You can now access pension products for as low as Kshs.50 per day.  

The Liaison Group, a financial services company has rolled-out a low-premium pension product targeting people who have been left out by traditional forms of pensions schemes. These are mainly the youth between the ages of 18 to 35, the unemployed, and those in the informal sectors of employment who are looking for a flexible way of saving for retirement.

Dubbed Mafao Fund, it is a voluntary individual account savings plan that is open to all Kenyans to contribute regardless of income or age.

The plan which targets the informal sector will help to encourage a savings culture among lower income earners.

Potential customers can register or sign-up online and conveniently make contributions anytime and anywhere using their mobile phones. You can also check your statement and withdraw benefits conveniently on your mobile phone. 

“The plan which features a tax-deductible limit of up to Kshs.20,000 per month allows an individual to build a savings income by making a regular contribution in the scheme during their working life,” Liaison Group Managing Director Tom Mulwa said.

 “To sign up, a customer will be required to press *609# on their mobile phone or sign up through the online portal.”

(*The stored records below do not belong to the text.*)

(* Let $\boldsymbol\mu=(\mu^{(1)},\ldots,\mu^{(n)})$ be an $I$-tuple of partitions, not all zero, where $\mu^{(i)}$ has $m_a^{(i)}$ rows of length $a$. Put $R(\mu^{(i)})=\{(a,u)\mid a>0,\ 1\le u\le m_a^{(i)}\}$, totally ordered lexicographically, and $$P(\boldsymbol\mu)=2\sum_{i\in I}\sum_{\substack{(a,u),(b,v)\in R(\mu^{(i)})\\(a,u)<(b,v)}}\min\{a,b\}-\sum_{i<j}\sum_{\substack{(a,u)\in R(\mu^{(i)})\\(b,v)\in R(\mu^{(j)})}}\min\{|c_{ji}|a,|c_{ij}|b\}.$$ Then $P(\boldsymbol\mu)>-\sum_{i\in I}|\mu^{(i)}|$.
   Context: $(c_{ij})_{i,j\in I}$, $I=\{1,\dots,n\}$, is the Cartan matrix of a complex simple Lie algebra (finite type), with $I$ ordered naturally; $|\mu|$ is the size of a partition $\mu$. *)

From HB Require Import structures.
From mathcomp Require Import all_boot all_order all_algebra.
Set Implicit Arguments. Unset Strict Implicit. Unset Printing Implicit Defensive.
Import Order.TTheory GRing.Theory Num.Theory.

(* Generalized Cartan matrix on I = 'I_n (indices 0..n-1, natural order). *)
Definition is_gcm (n : nat) (C : 'M[int]_n) : Prop :=
  (forall i, C i i = 2%R) /\
  (forall i j, i != j -> (C i j <= 0)%R) /\
  (forall i j, (C i j == 0) = (C j i == 0)).

Definition indecomposable (n : nat) (C : 'M[int]_n) : Prop :=
  forall J : {set 'I_n}, J != set0 -> J != setT ->
    exists i j, [/\ i \in J, j \notin J & C i j != 0].

Definition principal_submx (n : nat) (C : 'M[int]_n) (J : {set 'I_n}) :
  'M[int]_#|J| := \matrix_(k, l) C (enum_val k) (enum_val l).

(* Finite type (Kac, Thm 4.3): all principal minors are positive.  Together
   with indecomposability, these are exactly the Cartan matrices of complex
   simple Lie algebras (with an arbitrary labelling of the nodes). *)
Definition cartan_finite_simple (n : nat) (C : 'M[int]_n) : Prop :=
  [/\ is_gcm C, indecomposable C &
      forall J : {set 'I_n}, (0 < \det (principal_submx C J))%R].

Definition is_partition (s : seq nat) : bool :=
  sorted geq s && all (fun x => 0 < x) s.

Definition psize (s : seq nat) : nat := sumn s.

Definition mult (s : seq nat) (a : nat) : nat := count_mem a s.

Definition Rset (s : seq nat) : seq (nat * nat) :=
  flatten [seq [seq (a, u) | u <- iota 1 (mult s a)] | a <- iota 1 (\max_(x <- s) x)].

Definition lexlt (x y : nat * nat) : bool :=
  (x.1 < y.1) || ((x.1 == y.1) && (x.2 < y.2)).

Definition Pmu (n : nat) (C : 'M[int]_n) (mu : 'I_n -> seq nat) : int :=
  (2 * (\sum_(i < n) \sum_(x <- Rset (mu i)) \sum_(y <- Rset (mu i) | lexlt x y)
              (minn x.1 y.1)%:R)
   - \sum_(i < n) \sum_(j < n | (i < j)%N) \sum_(x <- Rset (mu i)) \sum_(y <- Rset (mu j))
              (minn ((`|C j i|)%N * x.1) ((`|C i j|)%N * y.1))%:R)%R.

From HB Require Import structures.
From mathcomp Require Import all_boot all_order all_algebra all_fingroup.
From mathcomp Require Import ring lra zify.
Set Implicit Arguments. Unset Strict Implicit. Unset Printing Implicit Defensive.
Import Order.TTheory GRing.Theory Num.Theory.

(* C is a Z-matrix with positive principal minors, so by induction on n through
   the Schur complement there is u > 0 with Cu > 0.  For a list A of lengths put
   X(A) = sum_{a,b in A} min(a,b); on the rows of R(mu) it equals twice the
   diagonal part of P plus |mu|.  As min(a,b) = sum_k [k < a][k < b], AM-GM
   applied layer by layer gives
     2 sum min(|c_ji| a, |c_ij| b) <= |c_ij| (u_j/u_i) X_i + |c_ji| (u_i/u_j) X_j,
   and summing over i < j bounds twice the off-diagonal part of P by
   sum_i X_i (2 - (Cu)_i / u_i) < 2 sum_i X_i, which rearranges to the claim. *)

Section Determinants.
Local Open Scope ring_scope.

Lemma det_mxsub_inj (R : comNzRingType) m p (A : 'M[R]_p) (h : 'I_m -> 'I_p) :
  injective h -> m = p -> \det (mxsub h h A) = \det A.
Proof.
move=> h_inj e; subst m; set s := perm h_inj.
have -> : mxsub h h A = row_perm s (col_perm s A).
  by apply/matrixP => i j; rewrite !mxE !permE.
rewrite row_permE col_permE !det_mulmx !det_perm odd_permV.
by rewrite mulrCA -signr_addb addbb mulr1.
Qed.

Definition schur_complement (F : fieldType) n (M : 'M[F]_n.+1) : 'M[F]_n :=
  \matrix_(i, j) (M (lift 0 i) (lift 0 j) - M (lift 0 i) 0 * M 0 (lift 0 j) / M 0 0).

Lemma det_schur_complement (F : fieldType) n (M : 'M[F]_n.+1) :
  M 0 0 != 0 -> \det M = M 0 0 * \det (schur_complement M).
Proof.
move=> M00.
pose E : 'M[F]_n.+1 :=
  1%:M - \matrix_(i, j) (if (j == 0) && (i != 0) then M i 0 / M 0 0 else 0).
have det_E : \det E = 1.
  rewrite det_trig; last first.
    apply/is_trig_mxP => i j lt_ij; rewrite !mxE.
    have -> : (j == 0) = false by apply/negbTE; rewrite -lt0n (leq_ltn_trans _ lt_ij).
    have /negbTE -> : i != j by rewrite -val_eqE /= ltn_eqF.
    by rewrite /= subr0.
  by rewrite big1 // => i _; rewrite !mxE eqxx; case: (i == 0); rewrite ?andbF ?subr0.
have EM i j : (E *m M) i j = M i j - (if i != 0 then M i 0 / M 0 0 * M 0 j else 0).
  rewrite mulmxBl mul1mx !mxE (bigD1 0) //= big1 ?addr0.
    by rewrite !mxE eqxx /=; case: (i != 0); rewrite ?mul0r.
  by move=> k /negbTE nk; rewrite !mxE nk /= mul0r.
rewrite -[\det M]mul1r -det_E -det_mulmx (expand_det_col _ 0) big_ord_recl.
rewrite big1 ?addr0 => [|i _]; last by rewrite EM /= divfK // subrr mul0r.
rewrite EM /= subr0 /cofactor /= expr0 mul1r; congr (_ * \det _).
apply/matrixP => i j; have := EM (lift 0 i) (lift 0 j).
by rewrite !mxE => ->; rewrite /= mulrAC.
Qed.

End Determinants.

Section ZMatrix.
Local Open Scope ring_scope.
Variable F : realFieldType.

Definition Zmatrix n (M : 'M[F]_n) := forall i j, i != j -> M i j <= 0.

Definition pos_principal_minors n (M : 'M[F]_n) :=
  forall m (f : 'I_m -> 'I_n), injective f -> 0 < \det (mxsub f f M).

Lemma pos_minors_pivot n (M : 'M[F]_n.+1) : pos_principal_minors M -> 0 < M 0 0.
Proof.
move/(_ 1 (fun=> 0) (fun a b _ => etrans (ord1 a) (esym (ord1 b)))).
by rewrite det_mx11 mxE.
Qed.

Lemma Zmatrix_schur n (M : 'M[F]_n.+1) :
  Zmatrix M -> 0 < M 0 0 -> Zmatrix (schur_complement M).
Proof.
move=> ZM M00 i j ij; rewrite mxE.
have Mij : M (lift 0 i) (lift 0 j) <= 0.
  by apply: ZM; apply: contra ij => /eqP/lift_inj ->.
have Mi0 : M (lift 0 i) 0 <= 0 by apply: ZM; rewrite eq_sym neq_lift.
have M0j : M 0 (lift 0 j) <= 0 by apply: ZM; rewrite neq_lift.
have : 0 <= M (lift 0 i) 0 * M 0 (lift 0 j) / M 0 0.
  by rewrite divr_ge0 ?mulr_le0 // ltW.
lra.
Qed.

Lemma pos_minors_schur n (M : 'M[F]_n.+1) :
  pos_principal_minors M -> pos_principal_minors (schur_complement M).
Proof.
move=> PM m f f_inj.
pose f' (k : 'I_m.+1) := if unlift 0 k is Some k' then lift 0 (f k') else 0.
have f'_inj : injective f'.
  rewrite /f' => a b.
  by case: unliftP => [a'|] ->; case: unliftP => [b'|] -> // /lift_inj/f_inj ->.
have -> : mxsub f f (schur_complement M) = schur_complement (mxsub f' f' M).
  by apply/matrixP => i j; rewrite !mxE /f' !liftK unlift_none.
have := PM _ _ f'_inj; rewrite det_schur_complement; last first.
  by rewrite mxE /f' unlift_none gt_eqF // pos_minors_pivot.
by rewrite mxE /f' unlift_none pmulr_rgt0 // pos_minors_pivot.
Qed.

Lemma pos_vector_lift n (M : 'M[F]_n.+1) (v : 'I_n -> F) :
  Zmatrix M -> 0 < M 0 0 -> (forall i, 0 < v i) ->
  (forall i, 0 < \sum_j schur_complement M i j * v j) ->
  exists2 u : 'I_n.+1 -> F, (forall k, 0 < u k) & (forall k, 0 < \sum_l M k l * u l).
Proof.
move=> ZM c_gt0 v_gt0 g_gt0.
set c := M 0 0 in c_gt0 *; pose g i := \sum_j schur_complement M i j * v j.
have {}g_gt0 i : 0 < g i := g_gt0 i.
set w := \sum_j M 0 (lift 0 j) * v j.
pose a (i : 'I_n) := - M (lift 0 i) 0.
have w_le0 : w <= 0.
  apply: sumr_le0 => j _; apply: mulr_le0_ge0; last exact: ltW.
  by apply: ZM; rewrite neq_lift.
have a_ge0 i : 0 <= a i by rewrite oppr_ge0 ZM // eq_sym neq_lift.
have gE i : g i = \sum_j M (lift 0 i) (lift 0 j) * v j + a i * w / c.
  rewrite /g /w /a mulr_sumr mulr_suml -big_split /=; apply: eq_bigr => j _.
  by rewrite mxE -/c; field; rewrite gt_eqF.
(* e := (1 + sum_i a_i/g_i)^-1 satisfies 0 < e and e a_i < g_i for all i; then
   u := (e - w/c, v) has row 0 equal to c e and row i.+1 equal to g_i - e a_i. *)
pose X := \sum_i a i / g i.
have aX i : a i <= g i * X.
  rewrite mulrC -ler_pdivrMr // /X (bigD1 i) //= lerDl.
  by apply: sumr_ge0 => j _; rewrite divr_ge0 // ltW.
have X_ge0 : 0 <= X by apply: sumr_ge0 => i _; rewrite divr_ge0 // ltW.
pose e := (1 + X)^-1.
have e_gt0 : 0 < e by rewrite invr_gt0; lra.
have ea_lt_g i : e * a i < g i.
  rewrite ltr_pdivrMl; last lra.
  by have := aX i; have := g_gt0 i; nra.
pose t := e - w / c.
have t_gt0 : 0 < t.
  have : 0 <= - w / c by rewrite divr_ge0 ?oppr_ge0 // ltW.
  by rewrite /t mulNr; lra.
exists (fun k => if unlift 0 k is Some k' then v k' else t).
  by move=> k; case: unliftP.
move=> k; rewrite big_ord_recl unlift_none; under eq_bigr do rewrite liftK.
case: (unliftP 0 k) => [i|] ->.
  have := ea_lt_g i; rewrite gE /t -[M _ 0]opprK -/(a i).
  set Z := \sum_j _ => lt_eag.
  have -> : - a i * (e - w / c) + Z = Z + a i * w / c - e * a i by field; rewrite gt_eqF.
  lra.
have -> : c * (e - w / c) + w = c * e by field; rewrite gt_eqF.
exact: mulr_gt0.
Qed.

Lemma Zmatrix_pos_minors_pos_vector n (M : 'M[F]_n) :
  Zmatrix M -> pos_principal_minors M ->
  exists2 u : 'I_n -> F, (forall i, 0 < u i) & (forall i, 0 < \sum_j M i j * u j).
Proof.
elim: n M => [|n IH] M ZM PM; first by exists (fun=> 1) => -[].
have M00 := pos_minors_pivot PM.
have [v v_gt0 Sv_gt0] := IH _ (Zmatrix_schur ZM M00) (pos_minors_schur PM).
exact: pos_vector_lift.
Qed.

End ZMatrix.

Section CartanMatrix.
Local Open Scope ring_scope.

Liaison Group Head of Pensions Michael Mitau noted that the time has come for players in the industry to solve the Kenyan savings income challenge, especially amongst the youth.

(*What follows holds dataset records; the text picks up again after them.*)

Lemma open_trail_extend v s : even_degrees P -> strict_trail P v s ->
  walk_end v s != v -> exists p, strict_trail P v (rcons s p).
Proof.
move=> evenP trail open; set u := walk_end v s in open.
have [g /andP[ug gs]] : exists g, (u \in P g) && (g \notin map fst s).
  apply/existsP; apply: contraT; rewrite negb_exists => /forallP no_new_edge.
  move/andP: trail (evenP u) => [walk_s uniq_s]; rewrite /hdeg.
  rewrite -(count_uniq_card uniq_s) => [|f uf]; last first.
    by move: (no_new_edge f); rewrite uf /= negbK.
  by rewrite count_map (odd_count_walk u P2 walk_s) eqxx (negbTE open).
by have [w] := trail_extend_end trail gs ug; exists (g, w).
Qed.

Lemma closed_trail_extend_at v s1 s2 g :
  strict_trail P v (s1 ++ s2) -> walk_end v (s1 ++ s2) = v ->
  g \notin map fst (s1 ++ s2) -> walk_end v s1 \in P g ->
  exists u s, strict_trail P u s /\ size s = (size (s1 ++ s2)).+1.
Proof.
move=> trail closed gs ug; have [trail' closed'] := closed_trail_rot trail closed.
have gs' : g \notin map fst (s2 ++ s1) by rewrite !map_cat mem_cat orbC -mem_cat -map_cat.
have ug' : walk_end (walk_end v s1) (s2 ++ s1) \in P g by rewrite closed'.
have [w trail_w] := trail_extend_end trail' gs' ug'.
by exists (walk_end v s1), (rcons (s2 ++ s1) (g, w)); rewrite size_rcons !size_cat addnC.
Qed.

End TrailExtension.

Section Switch.
Variables (V E : finType) (inc : E -> {set V}).
Hypothesis inc3 : three_uniform inc.
Variable P : E -> {set V}.
Hypotheses (pairP : pairing inc P) (evenP : even_degrees P).

Lemma pairing_switch e g x c y d : e != g ->
  P e = [set x; c] -> P g = [set y; d] -> x \in inc g -> y \in inc e ->
  c \notin inc g -> d \notin inc e ->
  exists Q, [/\ pairing inc Q, even_degrees Q, Q e = [set y; c], Q g = [set x; d]
              & forall f, f != e -> f != g -> Q f = P f].
Proof.
move=> eg Pe Pg xg ye cg de.
have [sub_e card_e] := pairP e; have [sub_g card_g] := pairP g.
have xe : x \in inc e by apply/(subsetP sub_e); rewrite Pe set21.
have yg : y \in inc g by apply/(subsetP sub_g); rewrite Pg set21.
have ce : c \in inc e by apply/(subsetP sub_e); rewrite Pe set22.
have dg : d \in inc g by apply/(subsetP sub_g); rewrite Pg set22.
have xc : x != c by apply: cards2_neq; rewrite -Pe.
have yd : y != d by apply: cards2_neq; rewrite -Pg.
have xd : x != d by apply: contraNneq de => <-.
have yc : y != c by apply: contraNneq cg => <-.
pose Q f := if f == e then [set y; c] else if f == g then [set x; d] else P f.
have QP f : f != e -> f != g -> Q f = P f by rewrite /Q => /negbTE-> /negbTE->.
have Qe : Q e = [set y; c] by rewrite /Q eqxx.
have Qg : Q g = [set x; d] by rewrite /Q eq_sym (negbTE eg) eqxx.
exists Q; split=> // [f|z].
  case: (eqVneq f e) => [->|fe]; first by rewrite Qe subUset !sub1set ye ce cards2 yc.
  case: (eqVneq f g) => [->|fg]; first by rewrite Qg subUset !sub1set xg dg cards2 xd.
  by rewrite QP //; apply: pairP.
rewrite (hdeg_eq2 eg QP) ?evenP // Qe Qg Pe Pg !mem_set2_nat //.
by case: (z == x); case: (z == y); case: (z == c); case: (z == d).
Qed.

Lemma pairing_other_notin e g x y :
  #|inc e :&: inc g| = 2 -> [disjoint P e & P g] ->
  x \in P e -> x \in inc g -> y \in P g -> y \in inc e ->
  exists2 c, P e = [set x; c] & c \notin inc g.
Proof.
move=> card_eg disj xPe xg yPg ye; have [sub_e card_e] := pairP e.
have [c cPe cx] := card2_other card_e xPe.
exists c; first by apply: card2_eq; rewrite // eq_sym.
have xy : x != y by apply: contraTneq yPg => <-; apply: negbT (disjointFr disj xPe).
apply/negP => cg; have [sub_g _] := pairP g.
have xI : x \in inc e :&: inc g by rewrite inE xg (subsetP sub_e).
have yI : y \in inc e :&: inc g by rewrite inE ye (subsetP sub_g).
have cI : c \in inc e :&: inc g by rewrite inE cg (subsetP sub_e).
move: cI; rewrite (card2_eq card_eg xI yI xy) !inE (negbTE cx) /= => /eqP cy.
by move: cPe; rewrite cy (disjointFl disj yPg).
Qed.

Lemma disjoint_pairs_cross e g : #|inc e :&: inc g| = 2 -> [disjoint P e & P g] ->
  exists x c y d, [/\ P e = [set x; c], P g = [set y; d], x \in inc g, y \in inc e
                    & c \notin inc g /\ d \notin inc e].
Proof.
move=> card_eg disj; have [sub_e card_e] := pairP e; have [sub_g card_g] := pairP g.
have [x] : exists x, x \in P e :&: (inc e :&: inc g).
  by apply: meet_of_large_subsets sub_e (subsetIl _ _) _; rewrite inc3 card_e card_eg.
rewrite !inE => /and3P[xPe _ xg].
have [y] : exists y, y \in P g :&: (inc e :&: inc g).
  by apply: meet_of_large_subsets sub_g (subsetIr _ _) _; rewrite inc3 card_g card_eg.
rewrite !inE => /and3P[yPg ye _].
have [c Pe cg] := pairing_other_notin card_eg disj xPe xg yPg ye.
have card_ge : #|inc g :&: inc e| = 2 by rewrite setIC.
have disj_ge : [disjoint P g & P e] by rewrite disjoint_sym.
have [d Pg de] := pairing_other_notin card_ge disj_ge yPg ye xPe xg.
by exists x, c, y, d.
Qed.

“With as low as Kshs.50 per day, we are giving Kenyans from all walks of life a chance to define how we all face the future of social insurance. With Mafao Fund, we look forward to customers embracing the convenience and flexibility of this affordable pension scheme and the special benefits that come with it,” Mr. Mitau said.

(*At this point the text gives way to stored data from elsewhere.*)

Lemma menu_of_row_comb (t : R) (y z : X) :
  menu_of_row (comb t y z) = convcomb t (menu_of_row y) (menu_of_row z).
Proof. by congr pair; apply/ffunP => j; rewrite !ffunE !mxE. Qed.

Lemma total_payment_affine T (o : 'I_T -> moption l K) :
  is_affine (fun v : X => total_payment o (menu_of_row v)).
Proof. by move=> t y z; rewrite /= menu_of_row_comb total_payment_convcomb. Qed.

Lemma total_payment_continuous T (o : 'I_T -> moption l K) :
  continuous (fun v : X => total_payment o (menu_of_row v)).
Proof.
apply: continuous_big => [|t _]; first exact: add_continuous.
rewrite /payment /menu_of_row /=; case: (0 < (o t).2)%N; last exact: cst_continuous.
under eq_fun do rewrite !ffunE.
move=> v; have fee := @coord_continuous R _ _ ord0 (lshift l (o t).1) v.
have price := @coord_continuous R _ _ ord0 (rshift l (o t).1) v.
have := continuousD fee (continuousM (@cst_continuous _ R (o t).2%:R v) price).
exact.
Qed.

Lemma closure_set_bounded (H : R) (L : menu R l -> Prop) rho :
  (forall r, L r -> in_box H r) -> closure_set L rho ->
  forall j, `|rho.1 j| <= H + 1 /\ `|rho.2 j| <= H + 1.
Proof.
move=> Lbox cl_rho j; have [r [Lr d_lt1]] := cl_rho 1 ltr01.
have := l1dist_ge_tariff rho r j.
have [/andP[r1_ge0 r1_leH] /andP[r2_ge0 r2_leH]] := Lbox r Lr j.
have := ler_distD (r.1 j) (rho.1 j) 0; have := ler_distD (r.2 j) (rho.2 j) 0.
rewrite !subr0 (ger0_norm r1_ge0) (ger0_norm r2_ge0).
have := normr_ge0 (rho.1 j - r.1 j); have := normr_ge0 (rho.2 j - r.2 j).
split; lra.
Qed.

Lemma closure_set_closed (L : menu R l -> Prop) :
  closed [set v : X | closure_set L (menu_of_row v)].
Proof.
move=> v cl_v e e_gt0.
have l1_gt0 : 0 < l%:R + 1 :> R by rewrite ltr_wpDl.
pose d := e / (4 * (l%:R + 1)).
have d_gt0 : 0 < d by rewrite divr_gt0 // mulr_gt0.
have de : d * (4 * (l%:R + 1)) = e by rewrite /d divfK // mulf_neq0 // gt_eqF.
have near_v : nbhs v [set w : X | forall i, ball (v ord0 i) d (w ord0 i)].
  apply: (@filter_forall _ 'I_(l + l)
    (fun i (w : X) => ball (v ord0 i) d (w ord0 i)) (nbhs v)) => i.
  exact: (@coord_continuous _ _ _ ord0 i v _ (nbhsx_ballx _ _ d_gt0)).
have [w [cl_w vw]] := cl_v _ near_v.
have [r [Lr wr]] := cl_w (e / 2) (divr_gt0 e_gt0 (ltr0Sn R 1)).
exists r; split => //.
apply: le_lt_trans (l1dist_triangle _ (menu_of_row w) r) _.
suff : l1dist (menu_of_row v) (menu_of_row w) <= e / 2 by lra.
apply: (@le_trans _ _ (\sum_(j < l) (d + d))).
  apply: ler_sum => j _; rewrite !ffunE.
  have := vw (lshift l j); have := vw (rshift l j).
  rewrite -!ball_normE /ball_ /=; lra.
rewrite sumr_const card_ord -mulr_natr.
have := ler0n R l; nra.
Qed.

Lemma extreme_point_dominating (H : R) (L : menu R l -> Prop) T
    (o : 'I_T -> moption l K) rho0 :
  (forall r, L r -> in_box H r) -> L rho0 ->
  exists2 rho, extreme_point (closure_set L) rho &
    total_payment o rho0 <= total_payment o rho.
Proof.
move=> Lbox L_rho0.
pose A := [set v : X | closure_set L (menu_of_row v)].
have A_box : A `<=` [set v : X | forall i, `[-(H + 1), H + 1]%classic (v ord0 i)].
  move=> v Av i; rewrite /= in_itv /= -ler_norml.
  have := closure_set_bounded Lbox Av; rewrite -(menu_of_rowK v) /row_of_menu mxE.
  by rewrite row_of_menuK; case: (fintype.split i) => j /(_ j) [].
have cA : compact A.
  apply: subclosed_compact (@closure_set_closed L) _ A_box.
  apply: (@rV_compact _ _ (fun=> `[-(H + 1), H + 1]%classic)) => _.
  exact: segment_compact.
have A_rho0 : A (row_of_menu rho0).
  rewrite /A /= row_of_menuK => e e_gt0; exists rho0; split => //.
  by rewrite /l1dist big1 // => j _; rewrite !subrr normr0 addr0.
have [v [Av vmax] v_ext] := extreme_argmax cA (ex_intro _ _ A_rho0)
  (total_payment_continuous (o := o)) (total_payment_affine o).
exists (menu_of_row v); last by have := vmax _ A_rho0; rewrite /= row_of_menuK.
split=> // y z t cl_y cl_z t01 v_yz.
have rows_eq : row_of_menu y = row_of_menu z.
  apply: (v_ext _ _ t); rewrite /A /= ?row_of_menuK //.
  by apply: (can_inj menu_of_rowK); rewrite menu_of_row_comb !row_of_menuK.
by rewrite -(row_of_menuK y) rows_eq row_of_menuK.
Qed.

End MenusAsRows.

He added that Mafao Fund has been conceived by the need to address evolving investment needs. The fund offers a minimum guaranteed interest of 4%, flexibility when a customer wants to transfer from one scheme to another and a life insurance rider on the request of a customer is inclusive.

“One of the biggest worries for people is maintaining their existing lifestyle when they leave employment. Very few people belong to pension schemes or have individual savings plans. Barring the National Social Security Funds across East Africa (which are compulsory), there is a need to aggressively become agile in anticipating and adapting to our clients’ needs,” he added.

If you save through a scheme known as a defined contribution pension scheme your regular contributions are invested so that they grow throughout your career and then provide you with an income in retirement. Generally, you can access the money in your pension pot from the age of 55 or up to two-thirds of the amount before retirement in a one-off deal.